Financial Market Applications of LLMs

大语言模型在金融市场的应用

The AI revolution drove frenzied investment in both private and public companies and captured the public’s imagination in 2023. Transformational consumer products like ChatGPT are powered by Large Language Models (LLMs) that excel at modeling sequences of tokens that represent words or parts of words [2]. Amazingly, structural understanding emerges from learning next-token prediction, and agents are able to complete tasks such as translation, question answering and generating human-like prose from simple user prompts.

2023年，人工智能革命推动了对私营和上市公司的疯狂投资，并激发了公众的想象力。像ChatGPT这样具有变革性的消费产品，其核心动力来自于大语言模型（LLMs），这些模型擅长对代表单词或词组的标记序列进行建模[2]。令人惊叹的是，通过学习“预测下一个标记”，模型能够产生结构性的理解，并能根据简单的用户提示完成翻译、问答和生成类人文本等任务。

Not surprisingly, quantitative traders have asked: can we turn these models into the next price or trade prediction [1,9,10]? That is, rather than modeling sequences of words, can we model sequences of prices or trades. This turns out to be an interesting line of inquiry that reveals much about both generative AI and financial time series modeling. Be warned this will get wonky.

不出所料，量化交易员们提出了一个问题：我们能否将这些模型转化为价格或交易预测工具[1,9,10]？也就是说，我们能否对价格或交易序列进行建模，而不是对单词序列进行建模？事实证明，这是一个有趣的探索方向，它揭示了生成式AI和金融时间序列建模的许多本质。请注意，接下来的内容会比较硬核。

LLMs are known as autoregressive learners — those using previous tokens or elements in a sequence to predict the next element or token. In quantitative trading, for example in strategies like statistical arbitrage in stocks, most research is concerned with identifying autoregressive structure. That means finding sequences of news or orders or fundamental changes that best predict future prices.

大语言模型被称为自回归学习器——即利用序列中先前的标记或元素来预测下一个元素或标记。在量化交易中，例如股票统计套利策略，大多数研究都关注于识别自回归结构。
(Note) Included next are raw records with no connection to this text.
(* A numerical semigroup $S$ with multiplicity $e$ and blowup $B$ is additive if and only if ${\rm adj}(S)=\operatorname{Ap}(B;e)$.
   Context: $S$ is a numerical semigroup (a submonoid of $\mathbb N$ with finite complement) with minimal generators $e<a_1<\dots<a_t$. ${\rm ord}(n;S)$ is the maximum of $\sum c_i$ over $(c_0,\dots,c_t)\in\mathbb N^{t+1}$ with $c_0e+\sum c_ia_i=n$. $S$ is additive if ${\rm ord}(u+e;S)={\rm ord}(u;S)+1$ for all $u\in S$. ${\rm adj}(S)=\{s-{\rm ord}(s;S)e:s\in S\}$. The blowup is $B=\langle e,a_1-e,\dots,a_t-e\rangle$, and $\operatorname{Ap}(B;e)=\{w\in B:w-e\notin B\}$. *)

From mathcomp Require Import all_boot.
Set Implicit Arguments. Unset Strict Implicit. Unset Printing Implicit Defensive.

Definition numerical_semigroup (S : nat -> Prop) : Prop :=
  [/\ S 0,
      (forall x y, S x -> S y -> S (x + y)) &
      (exists N, forall n, N <= n -> S n)].

Definition multiplicity (S : nat -> Prop) (e : nat) : Prop :=
  [/\ S e, 0 < e & forall s, S s -> 0 < s -> e <= s].

Definition min_gen (S : nat -> Prop) (a : nat) : Prop :=
  [/\ S a, 0 < a & ~ (exists b c, [/\ S b, S c, 0 < b, 0 < c & a = b + c])].

(* A factorization of n over the minimal generators of S, written as the list
   of generators used (with repetition); its length is sum_i c_i. *)
Definition factorization (S : nat -> Prop) (n : nat) (l : seq nat) : Prop :=
  (forall a, a \in l -> min_gen S a) /\ sumn l = n.

Definition is_ord (S : nat -> Prop) (n k : nat) : Prop :=
  (exists l, factorization S n l /\ size l = k) /\
  (forall l, factorization S n l -> size l <= k).

Definition additive (S : nat -> Prop) (e : nat) : Prop :=
  forall u k, S u -> is_ord S u k -> is_ord S (u + e) k.+1.

Definition adj (S : nat -> Prop) (e : nat) (x : nat) : Prop :=
  exists s k, [/\ S s, is_ord S s k & x = s - k * e].

Definition blowup_gen (S : nat -> Prop) (e g : nat) : Prop :=
  g = e \/ exists a, [/\ min_gen S a, a <> e & g = a - e].

Definition blowup (S : nat -> Prop) (e : nat) (x : nat) : Prop :=
  exists l : seq nat, (forall g, g \in l -> blowup_gen S e g) /\ sumn l = x.

(* Apery set Ap(B; e) = { w in B : w - e notin B } (w - e an integer). *)
Definition apery (B : nat -> Prop) (e : nat) (w : nat) : Prop :=
  B w /\ ~ (e <= w /\ B (w - e)).

(* A factorization l of n over the minimal generators gives the element
   n - |l| e = sum (a_i - e) of the blowup B, and every element of B is of the
   form n - |l| e + d e.  An Apery element of B therefore has d = 0 and comes
   from a factorization of maximal length, i.e. lies in adj(S).  Conversely, a
   factorization of n longer than |l| puts (n - |l| e) - e in B; for
   s - ord(s) e this is excluded by additivity (a longer factorization of
   s + m e), and the Apery condition on u - ord(u) e forbids ord(u + e) to
   exceed ord(u) + 1. *)
From Stdlib Require Import Classical.
From mathcomp Require Import all_boot zify.
Set Implicit Arguments. Unset Strict Implicit. Unset Printing Implicit Defensive.

Lemma bounded_ex_max (P : nat -> Prop) N :
  (exists m, P m) -> (forall k, P k -> k <= N) ->
  exists k, P k /\ forall j, P j -> j <= k.
Proof.
elim: N => [|N IHN] [m Pm] ub.
  exists 0; split=> [|j /ub //].
  by have := ub _ Pm; rewrite leqn0 => /eqP <-.
case: (classic (P N.+1)) => [PN|nPN]; first by exists N.+1.
apply: IHN => [|k Pk]; first by exists m.
have := ub _ Pk; rewrite leq_eqVlt => /orP [/eqP Ek|//].
by case: nPN; rewrite -Ek.
Qed.

Section Factorizations.

Variables (S : nat -> Prop) (e : nat).
Hypothesis multS : multiplicity S e.

Lemma min_gen_ge_mult a : min_gen S a -> e <= a.
Proof. by case: multS => _ _ minS [Sa a_gt0 _]; apply: minS. Qed.

Lemma min_gen_mult : min_gen S e.
Proof.
case: multS => Se e_gt0 minS; split=> // -[b [c [Sb Sc b_gt0 c_gt0 ebc]]].
by have := minS _ Sb b_gt0; have := minS _ Sc c_gt0; lia.
Qed.

Lemma factorization_cons n a l :
  min_gen S a -> factorization S n l -> factorization S (a + n) (a :: l).
Proof.
move=> gen_a [gen_l <-]; split=> // b.
by rewrite inE => /orP [/eqP ->|/gen_l].
Qed.

Lemma factorization_cat n1 n2 l1 l2 :
  factorization S n1 l1 -> factorization S n2 l2 ->
  factorization S (n1 + n2) (l1 ++ l2).
Proof.
move=> [gen1 <-] [gen2 <-]; split; last by rewrite sumn_cat.
by move=> a; rewrite mem_cat => /orP [/gen1|/gen2].
Qed.

Lemma factorization_nseq d : factorization S (d * e) (nseq d e).
Proof.
split; last by rewrite sumn_nseq mulnC.
by move=> a /nseqP [-> _]; apply: min_gen_mult.
Qed.

Lemma factorization_behead n a l :
  factorization S n (a :: l) -> factorization S (n - a) l /\ min_gen S a.
Proof.
move=> [gen <-]; split; last exact: gen (mem_head _ _).
split=> [b lb|/=]; last by rewrite addKn.
by apply: gen; rewrite inE lb orbT.
Qed.

Lemma size_factorization_le n l : factorization S n l -> size l * e <= n.
Proof.
elim: l n => [|a l IHl] n F //=.
have [/IHl le_le gen_a] := factorization_behead F.
have := min_gen_ge_mult gen_a; case: F => _ /= n_eq; rewrite mulSn; lia.
Qed.

Lemma is_ord_exists n l : factorization S n l -> exists k, is_ord S n k.
Proof.
move=> F.
have e_gt0 : 0 < e by case: multS.
have [k [[l' [F' <-]] maxk]] :
    exists k, (exists l, factorization S n l /\ size l = k) /\
              forall j, (exists l, factorization S n l /\ size l = j) -> j <= k.
  apply: (bounded_ex_max (N := n)) => [|j [l' [F' <-]]]; first by exists (size l), l.
  by have := size_factorization_le F'; nia.
exists (size l'); split; first by exists l'.
by move=> l'' F''; apply: maxk; exists l''.
Qed.

Lemma blowup_add x y : blowup S e x -> blowup S e y -> blowup S e (x + y).
Proof.
move=> [l1 [gen1 <-]] [l2 [gen2 <-]]; exists (l1 ++ l2).
split; last by rewrite sumn_cat.
by move=> g; rewrite mem_cat => /orP [/gen1|/gen2].
Qed.

Lemma blowup_mul_mult d : blowup S e (d * e).
Proof.
exists (nseq d e); split; last by rewrite sumn_nseq mulnC.
by move=> g /nseqP [-> _]; left.
Qed.

Lemma blowup_factorization n l : factorization S n l -> blowup S e (n - size l * e).
Proof.
elim: l n => [|a l IHl] n F; first by exists [::]; case: F => _ <-.
have [Fl gen_a] := factorization_behead F.
have le_le := size_factorization_le Fl.
have le_ea := min_gen_ge_mult gen_a.
have [b [gen_b sum_b]] := IHl _ Fl.
have n_eq : n = a + (n - a) by case: F => _ <-; rewrite /= addKn.
case: (eqVneq a e) => [ae|ane].
  by exists b; split=> //; rewrite sum_b /= mulSn; lia.
exists ((a - e) :: b); split.
  move=> g; rewrite inE => /orP [/eqP ->|/gen_b //].
  by right; exists a; split=> //; apply/eqP.
by rewrite /= sum_b mulSn; lia.
Qed.

Lemma blowupP w :
  blowup S e w <->
  exists n l d, factorization S n l /\ w + size l * e = n + d * e.
Proof.
split=> [[b [gen_b <-]]|[n [l [d [F w_eq]]]]]; last first.
  have -> : w = (n - size l * e) + d * e.
    by have := size_factorization_le F; lia.
  by apply: blowup_add; [apply: blowup_factorization F|apply: blowup_mul_mult].
elim: b gen_b => [|g b IHb] gen_gb; first by exists 0, [::], 0; split.
have [n [l [d [F w_eq]]]] : exists n l d,
    factorization S n l /\ sumn b + size l * e = n + d * e.
  by apply: IHb => h hb; apply: gen_gb; rewrite inE hb orbT.
case: (gen_gb g (mem_head _ _)) => [->|[a [gen_a _ ->]]].
  by exists n, l, d.+1; split=> //=; rewrite mulSn; lia.
exists (a + n), (a :: l), d; split; first exact: factorization_cons.
by have := min_gen_ge_mult gen_a; rewrite /= mulSn; lia.
Qed.

Lemma not_apery_factorization n l j :
  factorization S n l -> j < size l -> ~ apery (blowup S e) e (n - j * e).
Proof.
move=> F lt_jl [_]; apply.
have le_le := size_factorization_le F.
have e_gt0 : 0 < e by case: multS.
split; first nia.
apply/blowupP; exists n, l, (size l - j.+1); split=> //; nia.
Qed.

Hypothesis semS : numerical_semigroup S.

Lemma factorization_mem n l : factorization S n l -> S n.
Proof.
case: semS => S0 SD _; elim: l n => [|a l IHl] n F; first by case: F => _ <-.
have [/IHl Sl [Sa _ _]] := factorization_behead F.
by move: Sl; case: F => _ /= <-; rewrite addKn; apply: SD.
Qed.

Lemma mem_add_mul_mult s m : S s -> S (s + m * e).
Proof.
case: semS => _ SD _ Ss; rewrite -[s]addn0 -addnA.
by apply: SD => //; apply: factorization_mem (factorization_nseq m).
Qed.

Lemma additive_is_ord_add s k m :
  additive S e -> S s -> is_ord S s k -> is_ord S (s + m * e) (k + m).
Proof.
move=> addS Ss ord_s; elim: m => [|m IHm]; first by rewrite !addn0.
have := addS _ _ (mem_add_mul_mult m Ss) IHm.
by rewrite mulSn addnS (addnC e) addnA.
Qed.

Lemma apery_adj w : apery (blowup S e) e w -> adj S e w.
Proof.
move=> ap_w; have [/blowupP [n [l [d [F w_eq]]]] _] := ap_w.
have le_le := size_factorization_le F.
have d0 : d = 0.
  case: d w_eq => // d w_eq; exfalso; case: ap_w => _; apply.
  split; first nia.
  by apply/blowupP; exists n, l, d; split=> //; rewrite mulSn in w_eq; lia.
rewrite d0 addn0 in w_eq.
have [k ord_n] := is_ord_exists F.
have le_lk : size l <= k by case: ord_n => _; apply.
case: (ltnP (size l) k) => [lt_lk|le_kl].
  case: ord_n => -[L [FL size_L]] _.
  have := not_apery_factorization (j := size l) FL; rewrite size_L => /(_ lt_lk).
  by have -> : n - size l * e = w by lia.
have k_eq : k = size l by lia.
by exists n, k; split=> //; [exact: factorization_mem F | lia].
Qed.

Lemma additive_adj_apery x : additive S e -> adj S e x -> apery (blowup S e) e x.
Proof.
move=> addS [s [k [Ss ord_s ->]]].
have [[l [F size_l]] _] := ord_s.
have le_ks := size_factorization_le F; rewrite size_l in le_ks.
split; first by apply/blowupP; exists s, l, 0; rewrite size_l addn0; split=> //; lia.
move=> [le_e /blowupP [n [l' [d [F' eq']]]]].
have F'' : factorization S (s + size l' * e) (l' ++ nseq (d + k).+1 e).
  have -> : s + size l' * e = n + (d + k).+1 * e by rewrite mulSn mulnDl; lia.
  exact: factorization_cat F' (factorization_nseq _).
have [_ /(_ _ F'')] := additive_is_ord_add (size l') addS Ss ord_s.
by rewrite size_cat size_nseq; lia.
Qed.

Lemma adj_apery_additive :
  (forall x, adj S e x -> apery (blowup S e) e x) -> additive S e.
Proof.
move=> adj_ap u k Su ord_u.
have [[l [F size_l]] _] := ord_u.
have Fe : factorization S (e + u) (e :: l) := factorization_cons min_gen_mult F.
rewrite addnC in Fe.
have [k' ord_ue] := is_ord_exists Fe.
have le_kk' : k.+1 <= k' by case: ord_ue => _ /(_ _ Fe); rewrite /= size_l.
suff le_k'k : k' <= k.+1 by have -> : k.+1 = k' by lia.
rewrite leqNgt; apply/negP => lt_kk'.
have [[L [FL size_L]] _] := ord_ue.
have := not_apery_factorization (j := k.+1) FL; rewrite size_L => /(_ lt_kk').
have -> : u + e - k.+1 * e = u - k * e by rewrite mulSn; lia.
by apply; apply: adj_ap; exists u, k.
Qed.

End Factorizations.

Theorem proposition4p7 (S : nat -> Prop) (e : nat) :
  numerical_semigroup S -> multiplicity S e ->
  (additive S e <-> (forall x, adj S e x <-> apery (blowup S e) e x)).
Proof.
move=> semS multS; split=> [addS x|adj_ap].
  by split; [apply: additive_adj_apery | apply: apery_adj].
by apply: adj_apery_additive => // x /adj_ap.
Qed.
这意味着要找到最能预测未来价格的新闻、订单或基本面变化的序列。

Where things break down is in the quantity and information content of available data to train the models. At the 2023 NeurIPS conference, Hudson River Trading, a high frequency trading firm, presented a comparison of the number of input tokens used to train GPT-3 with the amount of trainable tokens available in the stock market data per year. HRT estimated that, with 3,000 tradable stocks, 10 data points per stock per day, 252 trading days per year, and 23,400 seconds in a trading day, there are 177 billion stock market tokens per year available as market data. GPT-3 was trained on 500 billion tokens, so not far off [6].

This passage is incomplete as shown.